AMPLab is a Berkeley research hub that focuses on computing challenges presented by modern-day Big Data analytics and distributed hyperscale systems. Ion Stoica, AMPLab’s co-director and co-creator of Spark, was one of Li’s PhD advisors.
Last year, Alluxio received $7.5 million in funding from Andreessen Horowitz, one of Silicon Valley’s most prominent venture capital firms. Since then, the startup has attracted distributed computing experts from Google, VMware, Palantir, and Carnegie Mellon University, as well as other AMPLab participants.
Switching to Alluxio as the underlying storage management layer for its query engine worked for Baidu. A query that took between 100 and 150 second to complete using Spark SQL alone now takes 10 to 15 seconds, according to a recently published case study, and that’s for data stored remotely. Similar queries across data stored on local Alluxio nodes take up to five seconds.
To get that in-memory performance, Alluxio moves frequently accessed, or hot data from the underlying storage systems to the computing nodes it runs on.
Baidu is now in the process of deploying Alluxio more broadly, gradually moving more and more of its workloads into Alluxio clusters. Some of the first workloads to move are systems for serving images to online users and for offline image analysis. Currently, images for each system sit on separate storage systems. Alluxio will enable Baidu to store them on a single system, where they can be accessed for both online serving and offline analysis. The company expects this change to cut its development and operation costs substantially.
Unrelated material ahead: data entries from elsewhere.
(* Assume that for every $k=2,\dots,t$ the matrix $U^{(k)}$ is nonsingular. Then for every $k=1,\dots,t$ and every $j$ with $0\le j<\deg P^{(k)}_2$, $$\tilde S_{k,j}(F,G)=(\hat R_{k-1}\hat B_{k-1})^{J_{k,j}}\,\hat B_{k,j}\,\hat S_{k,j}(F,G).$$
   Context: Let $K$ be a field of characteristic zero; $|M|$ denotes the determinant of a square matrix $M$; $\deg$ denotes degree. Subresultant matrices. Let $A=a_px^p+\dots+a_0$, $B=b_qx^q+\dots+b_0$ over $K$ regarded with formal degrees $p\ge q>0$. For $0\le j<q$, $N^{(j)}(A,B)$ is the $(p+q-j)\times(p+q-2j)$ matrix whose $c$-th column ($c=1,\dots,q-j$) has $a_p,\dots,a_0$ in rows $c,\dots,c+p$ and zeros elsewhere, and whose $(q-j+c)$-th column ($c=1,\dots,p-j$) has $b_q,\dots,b_0$ in rows $c,\dots,c+q$ and zeros elsewhere. PRS. For nonzero $A,B\in K[x]$, $\deg A>\deg B$, a PRS is $(P_1,\dots,P_l)$, nonzero polynomials, $P_1=A$, $P_2=B$, $\deg P_{i-1}>\deg P_i$, $\alpha_iP_{i-2}=q_{i-1}P_{i-1}+\beta_iP_i$ ($i=3,\dots,l$) with $\alpha_i,\beta_i\in K\setminus\{0\}$, $q_{i-1}\in K[x]$, and $P_l=\gamma\gcd(A,B)$, $0\ne\gamma\in K$. Recursive PRS. $F=f_mx^m+\dots+f_0$, $G=g_nx^n+\dots+g_0\in K[x]$, $f_mg_n\ne0$, $m>n>0$. A complete recursive PRS consists of PRSs $(P^{(k)}_1,\dots,P^{(k)}_{l_k})$, $k=1,\dots,t$, $P^{(1)}_1=F$, $P^{(1)}_2=G$, for $k\ge2$ $P^{(k)}_1=P^{(k-1)}_{l_{k-1}}$, $P^{(k)}_2=\frac d{dx}P^{(k)}_1$; $P^{(k)}_{l_k}$ non-constant for $k<t$, $P^{(t)}_{l_t}$ constant. Assume $l_k\ge3$ for $k<t$. Notation: $n^{(k)}_i=\deg P^{(k)}_i$, $j_0=m$, $j_k=n^{(k)}_{l_k}$ (so $n^{(k)}_1=j_{k-1}$, $n^{(k)}_2=j_{k-1}-1$ for $k\ge2$). Nested subresultants ($0\le j<n^{(k)}_2$): $\tilde N^{(1,j)}=N^{(j)}(F,G)$; for $k\ge2$, $\tilde N^{(k,j)}=N^{(j)}\big(\tilde S_{k-1,j_{k-1}}(F,G),\frac d{dx}\tilde S_{k-1,j_{k-1}}(F,G)\big)$ with formal degrees $j_{k-1}$, $j_{k-1}-1$; $\tilde N^{(k,j)}_\tau$ ($\tau=0,\dots,j$) is formed by the top $n^{(k)}_1+n^{(k)}_2-2j-1$ rows and the $(n^{(k)}_1+n^{(k)}_2-j-\tau)$-th row of $\tilde N^{(k,j)}$, and $\tilde S_{k,j}(F,G)=\sum_{\tau=0}^j|\tilde N^{(k,j)}_\tau|x^\tau$. Reduced nested subresultants ($0\le j<n^{(k)}_2$). Set $J_{1,j}=m+n-2j$ and, for $k\ge2$, $I_{k,j}=2j_{k-1}-j-1$, $J_{k,j}=2j_{k-1}-2j-1$. $\hat N^{(1,j)}=N^{(j)}(F,G)$. For $k\ge2$, let $\hat N=\hat N^{(k-1,j_{k-1})}$ with $J'$ columns; let $\hat N_U$ be $\hat N$ with its bottom $j_{k-1}+1$ rows deleted, written $\hat N_U=(U^{(k)}\mid\mathbf v^{(k)})$ with $U^{(k)}$ square and $\mathbf v^{(k)}$ a column, and let $\hat N_L$ be the bottom $j_{k-1}+1$ rows of $\hat N$, with rows $\boldsymbol\rho_1,\dots,\boldsymbol\rho_{j_{k-1}+1}$. For $\tau=0,\dots,j_{k-1}$, $\hat A_\tau=|\hat N_\tau|$ where $\hat N_\tau$ is $\hat N_U$ with $\boldsymbol\rho_{j_{k-1}-\tau+1}$ appended as last row; $\hat A(x)=\sum_\tau\hat A_\tau x^\tau$, and $H^{(k,j)}=N^{(j)}(\hat A(x),\frac d{dx}\hat A(x))$ with formal degrees $j_{k-1}$, $j_{k-1}-1$ (size $I_{k,j}\times J_{k,j}$). For each position $(p,q)$ define a row vector $\mathbf w_{p,q}$ of length $J'$: if $q\le j_{k-1}-1-j$ and $0\le p-q\le j_{k-1}$, $\mathbf w_{p,q}=\boldsymbol\rho_{p-q+1}$; if $q=j_{k-1}-1-j+q'$ with $1\le q'\le j_{k-1}-j$ and $0\le p-q'\le j_{k-1}-1$, $\mathbf w_{p,q}=(j_{k-1}-p+q')\boldsymbol\rho_{p-q'+1}$; otherwise $\mathbf w_{p,q}=\mathbf 0$ (so the $(p,q)$ entry of $H^{(k,j)}$ equals the determinant of $\hat N_U$ with $\mathbf w_{p,q}$ appended, or $0$). Write $\mathbf w_{p,q}=(\mathbf b_{p,q}\mid g_{p,q})$, $g_{p,q}$ its last entry; with $U^{(k)}$ nonsingular let $\mathbf x_{p,q}U^{(k)}=-\mathbf b_{p,q}$ and $h^{(k,j)}_{p,q}=g_{p,q}+\mathbf x_{p,q}\mathbf v^{(k)}$. Then $\hat N^{(k,j)}=(h^{(k,j)}_{p,q})_{p\le I_{k,j},\,q\le J_{k,j}}$. For $\tau=0,\dots,j$, $\hat N^{(k,j)}_\tau$ is formed by the top $n^{(k)}_1+n^{(k)}_2-2j-1$ rows and the $(n^{(k)}_1+n^{(k)}_2-j-\tau)$-th row of $\hat N^{(k,j)}$, and $\hat S_{k,j}(F,G)=\sum_{\tau=0}^j|\hat N^{(k,j)}_\tau|x^\tau$. Constants. $\hat B_{1,j}=1$ and $\hat B_{k,j}=|U^{(k)}|^{J_{k,j}}$ for $k\ge2$; $\hat B_0=\hat B_1=1$, $\hat B_k=\hat B_{k,j_k}$ for $k\ge2$; $\hat R_0=\hat R_1=1$, $\hat R_k=(\hat R_{k-1}\hat B_{k-1})^{J_{k,j_k}}$ for $k\ge2$. *)

From HB Require Import structures.
From mathcomp Require Import all_boot all_order all_algebra.
Set Implicit Arguments. Unset Strict Implicit. Unset Printing Implicit Defensive.
Import GRing.Theory.
Local Open Scope ring_scope.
Storage Needs a Revolution
Baidu isn’t the only high-profile case study for Alluxio. British banking giant Barclays runs it as part of the stack used to build machine learning and data-driven applications. The open source project has enjoyed endorsements and investments from giants like China’s Alibaba Group, IBM, Intel, EMC, and its subsidiary Pivotal.
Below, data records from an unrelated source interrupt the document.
Variant coord_index_spec : 'I_N -> Type :=
  | CoordV a : coord_index_spec (iv a)
  | CoordW b : coord_index_spec (iw b)
  | CoordM a b : coord_index_spec (iM a b).

Lemma coord_indexP i : coord_index_spec i.
Proof.
case: (split_ordP i) => [j ->|k ->].
  by case: (split_ordP j) => [a ->|b ->]; constructor.
by case: (mxvec_indexP k) => a b; constructor.
Qed.

Section CoordsAt.
Variables (v : 'cV[C]_n1) (w : 'cV[C]_n2) (M : 'M[C]_(n1, n2)).
Lemma coords_iv a : coords v w M (iv a) = v a 0.
Proof. by rewrite /coords /iv !row_mxEl mxE. Qed.
Lemma coords_iw b : coords v w M (iw b) = w b 0.
Proof. by rewrite /coords /iw row_mxEl row_mxEr mxE. Qed.
Lemma coords_iM a b : coords v w M (iM a b) = M a b.
Proof. by rewrite /coords /iM row_mxEr mxvecE. Qed.
End CoordsAt.

Definition block_scale (s t u : C) (i : 'I_N) : C :=
  if (i < n1)%N then s else if (i < n1 + n2)%N then t else u.

Lemma coords_scale s t u v w M i :
  coords (s *: v) (t *: w) (u *: M) i = block_scale s t u i * coords v w M i.
Proof.
rewrite /block_scale; case: (coord_indexP i) => [a|b|a b].
- by rewrite !coords_iv /= ltn_ord mxE.
- by rewrite !coords_iw /= ltnNge leq_addr /= ltn_add2l ltn_ord mxE.
have le_iM : (n1 + n2 <= iM a b)%N by apply: leq_addr.
rewrite !coords_iM mxE !ifN // -leqNgt //.
by rewrite (leq_trans _ le_iM) ?leq_addr.
Qed.

Lemma prod_block_scale s t u (m : 'X_{1.. N}) :
  \prod_i block_scale s t u i ^+ m i = s ^+ deg1 m * t ^+ deg2 m * u ^+ deg3 m.
Proof.
rewrite /deg1 /deg2 /deg3 -!prodrXr !(big_mkcond (fun i : 'I_N => _ < _)%N).
rewrite (big_mkcond (fun i : 'I_N => _ <= _ < _)%N).
rewrite (big_mkcond (fun i : 'I_N => _ <= _)%N) -!big_split /=.
apply: eq_bigr => i _; rewrite /block_scale.
case: (ltnP i n1) => [lt_i_n1|le_n1_i] /=.
  by rewrite ifN ?mulr1 // -ltnNge (leq_trans lt_i_n1) ?leq_addr.
by case: (ltnP i (n1 + n2)) => _; rewrite ?mulr1 ?mul1r.
Qed.

Lemma meval_coords_scale (p : {mpoly C[N]}) a b c s t u v w M :
  multihomog p a b c ->
  p.@[coords (s *: v) (t *: w) (u *: M)] =
  s ^+ a * t ^+ b * u ^+ c * p.@[coords v w M].
Proof.
move=> p_homog; rewrite !mevalE big_distrr /=; apply: eq_big_seq => m pm.
under eq_bigr do rewrite coords_scale exprMn.
have [<- <- <-] := p_homog m pm.
by rewrite big_split /= prod_block_scale mulrCA.
Qed.

Definition bilin_mnm (a : 'I_n1) (b : 'I_n2) : 'X_{1.. N} :=
  (U_(iv a) + U_(iM a b) + U_(iw b))%MM.

Definition bilin : {mpoly C[N]} := \sum_a \sum_b 'X_[bilin_mnm a b].

Lemma bilinE (v : 'cV[C]_n1) (w : 'cV[C]_n2) (M : 'M[C]_(n1, n2)) :
  (v^T *m M *m w) 0 0 = \sum_a \sum_b v a 0 * M a b * w b 0.
Proof.
rewrite mxE; under eq_bigr do rewrite mxE big_distrl.
rewrite exchange_big /=; apply: eq_bigr => a _; apply: eq_bigr => b _.
by rewrite mxE.
Qed.

Lemma meval_bilin v w M : bilin.@[coords v w M] = (v^T *m M *m w) 0 0.
Proof.
rewrite bilinE /bilin raddf_sum /=; apply: eq_bigr => a _.
rewrite raddf_sum /=; apply: eq_bigr => b _.
by rewrite /bilin_mnm !mpolyXD !mevalM !mevalXU coords_iv coords_iw coords_iM.
Qed.

Lemma sum_pred1 (P : pred 'I_N) (i : 'I_N) :
  (\sum_(l | P l) (i == l))%N = P i.
Proof.
rewrite big_mkcond (bigD1 i) //= big1 => [|l /negbTE il]; rewrite ?eqxx.
  by case: (P i).
by rewrite eq_sym il; case: (P l).
Qed.

Lemma deg_bilin_mnm a b :
  [/\ deg1 (bilin_mnm a b) = 1%N, deg2 (bilin_mnm a b) = 1%N
    & deg3 (bilin_mnm a b) = 1%N].
Proof.
have mE l : bilin_mnm a b l = ((iv a == l) + (iM a b == l) + (iw b == l))%N.
  by rewrite /bilin_mnm !mnmDE !mnm1E.
rewrite /deg1 /deg2 /deg3 !(eq_bigr _ (fun l _ => mE l)) !big_split /=.
rewrite !sum_pred1 /=; have : (n1 + n2 <= iM a b)%N := leq_addr _ _.
by have := ltn_ord a; have := ltn_ord b; move: (iM a b : nat) => k; split; lia.
Qed.

Lemma bilin_multihomog : multihomog bilin 1 1 1.
Proof.
move=> m /msupp_sum_le/flattenP[_ /mapP[a _ ->]].
move=> /msupp_sum_le/flattenP[_ /mapP[b _ ->]].
by rewrite msuppX inE => /eqP ->; apply: deg_bilin_mnm.
Qed.

Lemma bilin_Ginvariant : Ginvariant bilin.
Proof.
move=> g h ug uh v w M; rewrite /eval_act /act !meval_bilin trmx_mul !mulmxA.
have ggi : g^T *m (invmx g)^T = 1%:M by rewrite -trmx_mul mulVmx // trmx1.
by rewrite -(mulmxA _ g^T) ggi mulmx1 -(mulmxA _ (invmx h)) mulVmx // mulmx1.
Qed.

Definition vanishes_on_orbit (p : {mpoly C[N]}) v w M : Prop :=
  forall g h, g \in unitmx -> h \in unitmx -> eval_act p g h v w M = 0.

Section Vanishing.
Variables (p : {mpoly C[N]}) (a b c : nat).
Hypothesis p_homog : multihomog p a b c.

Lemma vanishes_on_orbit_act v w M g h :
  g \in unitmx -> h \in unitmx -> vanishes_on_orbit p v w M ->
  vanishes_on_orbit p (g *m v) (h *m w) ((invmx g)^T *m M *m invmx h).
Proof.
move=> ug uh van g' h' ug' uh'; have := van (g' *m g) (h' *m h).
rewrite !unitmx_mul ug ug' uh uh' => /(_ isT isT).
by rewrite /eval_act /act !invmx_mul // trmx_mul !mulmxA.
Qed.

Lemma vanishes_on_orbit_scale v w M s t : s != 0 -> t != 0 ->
  vanishes_on_orbit p (s *: v) (t *: w) M -> vanishes_on_orbit p v w M.
Proof.
move=> s0 t0 van g h ug uh; have := van g h ug uh.
rewrite /eval_act /act -!scalemxAr -[X in coords _ _ X]scale1r.
rewrite (meval_coords_scale _ _ _ _ _ _ p_homog) expr1n mulr1 => /eqP.
by rewrite !mulf_eq0 !expf_eq0 (negbTE s0) (negbTE t0) !andbF => /eqP.
Qed.

Lemma vanishes_on_orbit_curve v w (Mt : 'M[{poly C}]_(n1, n2)) d s :
  d != 0 ->
  (forall t, d.[t] != 0 -> vanishes_on_orbit p v w (map_mx (horner_eval t) Mt)) ->
  vanishes_on_orbit p v w (map_mx (horner_eval s) Mt).
Proof.
move=> d0 van g h ug uh.
pose x i := (row_mx (row_mx (map_mx polyC (g *m v))^T (map_mx polyC (h *m w))^T)
  (mxvec (map_mx polyC (invmx g)^T *m Mt *m map_mx polyC (invmx h)))) 0 i.
have xE t : eval_act p g h v w (map_mx (horner_eval t) Mt) = (mmap polyC x p).[t].
  rewrite horner_mmap_polyC /eval_act /act; apply: meval_eq => i.
  have entryE m k (A : 'M_(m, k)) j l :
    horner_eval t (A j l) = map_mx (horner_eval t) A j l by rewrite mxE.
  rewrite /x -horner_evalE entryE !map_row_mx map_mxvec -!map_trmx.
  by rewrite !map_mxM -map_trmx !map_mx_horner_polyC.
suff x0 : mmap polyC x p = 0 by rewrite xE x0 horner0.
by apply: (poly_eq0_off_roots d0) => t /van van_t; rewrite -xE van_t.
Qed.

Lemma vanishes_on_orbit_meval v w M :
  vanishes_on_orbit p v w M -> p.@[coords v w M] = 0.
Proof.
move/(_ 1%:M 1%:M (unitmx1 _ _) (unitmx1 _ _)).
by rewrite /eval_act /act !mul1mx !invmx1 trmx1 mul1mx mulmx1.
Qed.

End Vanishing.

Hypotheses (n1_gt1 : (1 < n1)%N) (n2_gt1 : (1 < n2)%N).

Definition i0 : 'I_n1 := Ordinal (ltnW n1_gt1).
Definition i1 : 'I_n1 := Ordinal n1_gt1.
Definition j0 : 'I_n2 := Ordinal (ltnW n2_gt1).
Definition j1 : 'I_n2 := Ordinal n2_gt1.

Lemma e1E : e1 = delta_mx i0 0.
Proof. by apply/matrixP => i j; rewrite !mxE ord1 eqxx andbT. Qed.
Lemma f2E : f2 = delta_mx j1 0.
Proof. by apply/matrixP => i j; rewrite !mxE ord1 eqxx andbT. Qed.
Lemma phinE : phin = pid_mx (minn n1 n2).
Proof. by apply/matrixP => i j; rewrite !mxE. Qed.

Lemma Ginvariant_meval_base (p : {mpoly C[N]}) k :
  (0 < k)%N -> multihomog p k k k -> Ginvariant p ->
  p.@[coords e1 f2 phin] = 0.
Proof.
move=> k_gt0 p_homog p_inv.
pose g := diag_mx (\row_i (if i == i0 then 2 else 1) : 'rV[C]_n1).
pose h := diag_mx (\row_j (if j == j0 then 2^-1 else 1) : 'rV[C]_n2).
have two_neq0 : (2 : C) != 0 by rewrite pnatr_eq0.
have ug : g \in unitmx.
  rewrite unitmxE det_diag unitfE; apply/prodf_neq0 => i _.
  by rewrite mxE; case: ifP; rewrite ?oner_neq0.
have uh : h \in unitmx.
  rewrite unitmxE det_diag unitfE; apply/prodf_neq0 => j _.
  by rewrite mxE; case: ifP; rewrite ?invr_eq0 ?oner_neq0.
have ge1 : g *m e1 = 2 *: e1.
  apply/matrixP => i z; rewrite e1E mul_diag_mx !mxE.
  by case: (i == i0); rewrite ?mulr1 ?mulr0.
have hf2 : h *m f2 = 1 *: f2.
  apply/matrixP => j z; rewrite f2E mul_diag_mx !mxE mul1r.
  case: (eqVneq j j1) => [->|_]; last by rewrite mulr0.
  by have -> : (j1 == j0) = false by []; rewrite mul1r.
have g_phin_h : g^T *m phin *m h = phin.
  apply/matrixP => i j; rewrite tr_diag_mx mul_mx_diag mul_diag_mx !mxE.
  case: (eqVneq (i : nat) j) => [eq_ij|]; last by rewrite !mulr0 !mul0r.
  have -> : (j == j0) = (i == i0) by rewrite -!val_eqE /= eq_ij.
  by case: (i == i0); rewrite ?mul1r ?mulr1 // mulrAC mulfV ?mul1r.
have phin_fix : (invmx g)^T *m phin *m invmx h = 1 *: phin.
  rewrite scale1r -{1}g_phin_h trmx_inv !mulmxA mulVmx ?unitmx_tr // mul1mx.
  by rewrite mulmxK.
have := p_inv g h ug uh e1 f2 phin.
rewrite /eval_act /act ge1 hf2 phin_fix (meval_coords_scale _ _ _ _ _ _ p_homog).
rewrite !expr1n !mulr1 => /eqP; rewrite -subr_eq0 -{2}[p.@[_]]mul1r -mulrBl.
by rewrite mulf_eq0 subr_eq0 pexpr_eq1 ?ler0n // pnatr_eq1 => /eqP.
Qed.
One of its most attractive features is the ability to present a mix of storage resources underneath, be they on-premise or in the public cloud, physical or virtual, spinning disk or SSD, as a single storage resource to the compute layer via an API. It does to storage the same thing Apache Mesos and the Datacenter Operating System by the startup called Mesosphere does to compute. Mesos abstracts disparate computing resources in the data center, presenting them to the application as a single computer.
Another important capability in Alluxio is tiered storage. Users can assign the top tier to the in-memory storage layer it creates on the compute side, for example, second tier to Flash arrays, and third tier to disk drives. Different workloads have different performance requirements, and many users may be satisfied with performance and cost levels of regular disk storage in some cases while using the faster in-memory capabilities in others. Alluxio unifies it all into a single system.
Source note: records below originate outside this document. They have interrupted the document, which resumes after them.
(* [g] maps the positively oriented triangle at [w] to a positively oriented triangle. *)
Lemma aut_fan w j : V w -> V (padd w (dir j)) -> V (padd w (dir (j + 1))) ->
  exists a, g (padd w (dir j)) = padd (g w) (dir a) /\
            g (padd w (dir (j + 1))) = padd (g w) (dir (a + 1)).
Proof.
  intros H0 H1 H2.
  destruct (tri_face w j H0 H1 H2) as [A [B [C [Hf [Hc Hcy]]]]].
  destruct (aut_face g Hg _ Hf) as [l' [Hf' Hs]].
  assert (HV : V A /\ V B /\ V C) by (split; [|split]; apply (face_V _ _ Hf); simpl; tauto).
  assert (Hd1 := padd_dir_neq w j). assert (Hd2 := padd_dir_neq w (j + 1)).
  assert (Hd3 : padd w (dir j) <> padd w (dir (j + 1))) by (intro E; apply padd_dir_inj in E; lia_mod).
  assert (Hdist : A <> B /\ B <> C /\ A <> C)
    by (destruct Hcy as [[-> [-> ->]]|[[-> [-> ->]]|[-> [-> ->]]]]; repeat split; congruence).
  destruct HV as [VA [VB VC]]. destruct Hdist as [HAB [HBC HAC]].
  destruct (face_ccw_triangle (g A) (g B) (g C) l' Hf' Hs) as [a [Ha1 Ha2]];
    try (intro E; apply (aut_inj g Hg) in E; auto); try apply (aut_ccw g Hg); auto.
  destruct Hcy as [[-> [-> ->]]|[[-> [-> ->]]|[-> [-> ->]]]].
  - exists a; auto.
  - destruct (ccw_triangle_rotate _ _ _ _ Ha1 Ha2) as [Hb1 Hb2].
    destruct (ccw_triangle_rotate _ _ _ _ Hb1 Hb2) as [Hc1 Hc2].
    exists (a + 2 + 2). auto.
  - destruct (ccw_triangle_rotate _ _ _ _ Ha1 Ha2) as [Hb1 Hb2].
    exists (a + 2). auto.
Qed.

Definition turns_at (y : pt) (t i : Z) : Prop :=
  g (padd y (dir i)) = padd (g y) (dir (i + t)).

Lemma turns_at_congr y t i i' : i mod 6 = i' mod 6 -> turns_at y t i -> turns_at y t i'.
Proof.
  unfold turns_at; intros H E. rewrite <- (dir_congr i i'), E by auto.
  f_equal; apply dir_congr; lia_mod.
Qed.

Lemma turns_at_unique y t t' i : turns_at y t i -> turns_at y t' i -> t mod 6 = t' mod 6.
Proof. unfold turns_at; intros E E'. rewrite E in E'. apply padd_dir_inj in E'. lia_mod. Qed.

Lemma aut_turns_at y i : V y -> V (padd y (dir i)) -> exists t, turns_at y t i.
Proof.
  intros Hy Hi. destruct (aut_nbr y i Hy Hi) as [a Ha]. exists (a - i).
  unfold turns_at. rewrite Ha. do 2 f_equal. lia.
Qed.

Lemma aut_turns_at_next y t i : V y -> V (padd y (dir i)) -> V (padd y (dir (i + 1))) ->
  turns_at y t i -> turns_at y t (i + 1).
Proof.
  intros H0 H1 H2 Ht. destruct (aut_fan y i H0 H1 H2) as [a [Ha Ha']].
  unfold turns_at in *. rewrite Ha'. f_equal. apply dir_congr.
  rewrite Ha in Ht. apply padd_dir_inj in Ht. lia_mod.
Qed.

(* An edge lying in no triangle of [K] is mapped to an edge lying in no triangle. *)
Lemma aut_isolated_edge y i a : V y -> V (padd y (dir i)) ->
  ~ V (padd y (dir (i - 1))) -> ~ V (padd y (dir (i + 1))) ->
  g (padd y (dir i)) = padd (g y) (dir a) ->
  ~ V (padd (g y) (dir (a - 1))) /\ ~ V (padd (g y) (dir (a + 1))).
Proof.
  intros Hy Hz N1 N2 Ha.
  assert (no_tri : forall A B C, face [A; B; C] -> In (g y) [A; B; C] ->
                     In (g (padd y (dir i))) [A; B; C] -> False).
  { intros A B C Hf HA HB. pose proof (aut_face_preimage g Hg _ Hf) as [l [Hl Hs]].
    apply Hs, (in_map_aut l) in HA, HB; auto.
    assert (Hl' := Hl).
    destruct Hl as [[p [El _]]|[[p [El _]]|[s [Hsv El]]]].
    1,2: rewrite El in Hl', HA, HB; exact (isolated_edge_not_in_triangle _ _ _ _ _ N1 N2 Hl' HA HB).
    apply (hexagon_not_triangle g s A B C Hsv (aut_inj g Hg)).
    intro j. apply Hs, in_map. rewrite El. apply in_hexagon. eauto. }
  assert (Vgy : V (g y)) by (apply (aut_V g Hg); auto).
  assert (Vgz : V (padd (g y) (dir a))) by (rewrite <- Ha; apply (aut_V g Hg); auto).
  split; intro HW.
  - assert (Vgz' : V (padd (g y) (dir (a - 1 + 1)))) by (rewrite (dir_congr _ a) by lia_mod; auto).
    destruct (tri_face (g y) (a - 1) Vgy HW Vgz') as [A [B [C [Hf [_ Hc]]]]].
    rewrite (dir_congr (a - 1 + 1) a) in Hc by lia_mod.
    apply (no_tri A B C Hf); apply (cyclic3_same_set _ _ _ _ _ _ Hc); rewrite ?Ha; simpl; tauto.
  - destruct (tri_face (g y) a Vgy Vgz HW) as [A [B [C [Hf [_ Hc]]]]].
    apply (no_tri A B C Hf); apply (cyclic3_same_set _ _ _ _ _ _ Hc); rewrite ?Ha; simpl; tauto.
Qed.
It’s not limited to Spark. Any framework can access data on any storage system, Li said.
He declined to go into detail about his startup’s business plan, saying Alluxio the company was still in stealth mode. “We have a direction,” he said. “We cannot share it for now.”
At the moment, all the focus is on making the open source technology better. Spark revolutionized computation frameworks, while Mesos is revolutionizing the way data center resources are managed, Li said. “We’re missing revolution in the storage layer.”